Chesapeake Energy Corp. reported a succession plan for outgoing Chief Executive Officer and Pres. Aubrey McClendon, who will leave the Oklahoma City independent effective Apr. 1.
McClendon has been CEO since the company's inception in 1989 and drove Chesapeake to become one of the largest E&P firms in North America. His career has been tarnished though with allegations of inappropriate behavior including running an energy-focused hedge fund from Chesapeake's offices and personally borrowing $1.3 billion from the company's business partners.
“Over the past 24 years, [McClendon] has created one of the most valuable and innovative companies in the energy industry,” said Chesapeake Chairman Archie W. Dunham. “Under Aubrey’s strong leadership,” Dunham said, “Chesapeake has built an unmatched portfolio of natural gas and oil assets in creating one of the world’s leading energy companies.”

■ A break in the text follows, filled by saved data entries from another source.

(* Assume $\delta>d$, $\alpha=\gamma/(\delta-d)$, and that $f$ is not a polynomial product. Let $V\subset\mathbb{C}$ be a set whose closure is contained in $A_p$. Then the functions $$G_n(z,w)=\frac{1}{d^n}\log^+\frac{|w_n|}{|z_n|^\alpha},\qquad (z_n,w_n)=f^n(z,w),$$ converge uniformly on $V\times\mathbb{C}$ to $G_z^\alpha(w)=\lim_{n\to\infty}d^{-n}\log^+\big(|Q_z^n(w)|/|p^n(z)|^\alpha\big)$.
   Context: Let $p(z)=z^\delta+O(z^{\delta-1})$ be a monic polynomial of degree $\delta\ge 2$, and let $q(z,w)=b(z)w^d+(\text{terms of lower degree in } w)$ be a polynomial with $d=\deg_w q\ge 2$, where $b$ is a monic polynomial of degree $\gamma\ge 0$. Let $f(z,w)=(p(z),q(z,w))$; $f$ is a polynomial product if $q$ does not depend on $z$. Write $Q_z^n=q_{p^{n-1}(z)}\circ\cdots\circ q_{p(z)}\circ q_z$ with $q_z=q(z,\cdot)$, so $f^n(z,w)=(p^n(z),Q_z^n(w))$. Let $A_p=\{z: p^n(z)\to\infty\}$. For $\delta>d$, $\alpha=\max\{n_j/(\delta-m_j)\}$ over monomials $z^{n_j}w^{m_j}$ appearing in $q$ with nonzero coefficient. *)

From Stdlib Require Import Reals Lra.
Open Scope R_scope.

Definition Cx : Type := (R * R)%type.
Definition Czero : Cx := (0, 0).
Definition Cone : Cx := (1, 0).
Definition Cadd (x y : Cx) : Cx := (fst x + fst y, snd x + snd y).
Definition Csub (x y : Cx) : Cx := (fst x - fst y, snd x - snd y).
Definition Cmul (x y : Cx) : Cx :=
  (fst x * fst y - snd x * snd y, fst x * snd y + snd x * fst y).
Fixpoint Cpow (x : Cx) (n : nat) : Cx :=
  match n with O => Cone | S k => Cmul (Cpow x k) x end.
Definition Cnorm (x : Cx) : R := sqrt (fst x * fst x + snd x * snd x).

Fixpoint Csum (f : nat -> Cx) (n : nat) : Cx :=
  match n with O => Czero | S k => Cadd (Csum f k) (f k) end.

Definition peval (delta : nat) (a : nat -> Cx) (z : Cx) : Cx :=
  Csum (fun i => Cmul (a i) (Cpow z i)) (S delta).

Definition qeval (N d : nat) (c : nat -> nat -> Cx) (z w : Cx) : Cx :=
  Csum (fun j => Cmul (Csum (fun i => Cmul (c i j) (Cpow z i)) (S N)) (Cpow w j)) (S d).

Definition fmap (delta N d : nat) (a : nat -> Cx) (c : nat -> nat -> Cx) (zw : Cx * Cx) : Cx * Cx :=
  (peval delta a (fst zw), qeval N d c (fst zw) (snd zw)).
Definition fiter (delta N d : nat) (a : nat -> Cx) (c : nat -> nat -> Cx) (n : nat) (zw : Cx * Cx) : Cx * Cx :=
  Nat.iter n (fmap delta N d a c) zw.
Theorem mainTheorem2 (K : fieldType) (h2 : (2%:R : K) != 0) :
  [/\ [/\ casimir (vG1 K), casimir (vG2 K) & casimir (vd K * ve K)],
      \rank (pb_matrix K) = 4%N,
      [/\ pb (x1 K) (ve K) = 0, pb (x2 K) (ve K) = 0 & pb (x3 K) (ve K) = 0]
    & cubicPV K = 0].
Proof.
(* [cst] unfolds to this ring morphism. *)
pose iota : {rmorphism K -> Frac K} := (@tofrac (Pol K) \o @mpolyC 7 K)%FUN.
have derD i := @fderivD K (@inord 6 i).
have derM i := @fderivM K (@inord 6 i).
have der_x := @fderiv_var K.
have x_neq0 := @var_neq0 K.
have laurent p : is_laurent (tofrac p : Frac K) by exists p, 0%N; rewrite expr0 divr1.
split; first (split; split).
- exact: laurent.
- by move=> f _; rewrite pb_lcb (casimir_G1 iota der_x).
- exact: laurent.
- by move=> f _; rewrite pb_lcb (casimir_G2 iota der_x).
- by rewrite -tofracM; apply: laurent.
- by move=> f _; rewrite pb_lcb (casimir_de iota derM der_x).
- have -> : pb_matrix K = \matrix_(i < 7, j < 7) pb (var K i) (var K j).
    by apply/matrixP => i j; rewrite !mxE /var !inord_val.
  under eq_mx do rewrite pb_lcb.
  exact: (rank_bracket_matrix iota h2 der_x x_neq0).
- split; rewrite pb_lcb.
  + exact: (x1_commutes_e iota h2 derD derM der_x x_neq0).
  + exact: (x2_commutes_e iota h2 derD derM der_x x_neq0).
  + exact: (x3_commutes_e iota h2 derD derM der_x x_neq0).
- exact: pv_cubic_identity x_neq0.
Qed.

Dunham continued, “However, as the company moves towards more fully developing the value of its outstanding assets, Chesapeake is at an important transition in its history and Aubrey and the board of directors have agreed that the time has come for the company to select a new leader. The board will be working collaboratively with Aubrey to make a smooth transition to Chesapeake’s next chief executive officer.”
During this interim period, McClendon will work closely with Steven C. Dixon, chief operating officer, and Domenic J. Dell’Osso, Jr., chief financial officer, to transition certain day-to-day management responsibilities in advance of the completion of the search process for the new chief executive officer. The company and the board are committed to its current drilling program with respect to its existing $6 billion drilling and completion budget for 2013, its ongoing asset sales program and intention to reduce the company’s long-term debt.
Last year, Chesapeake announced multiple agreements to sell most of its Permian properties, substantially all of its midstream assets, and certain noncore leasehold for total net proceeds of $6.9 billion (OGJ Online, Sept. 17, 2012).
McClendon will resign from the board at the time his successor is appointed and will receive his full compensation and other benefits to which he is entitled in accordance with the terms of his employment agreement. McClendon will continue to be an important partner with the company given his stock ownership as well as his interests in certain of the company’s wells in connection with the Founder Well Participation Program, which will terminate on June 30, 2014.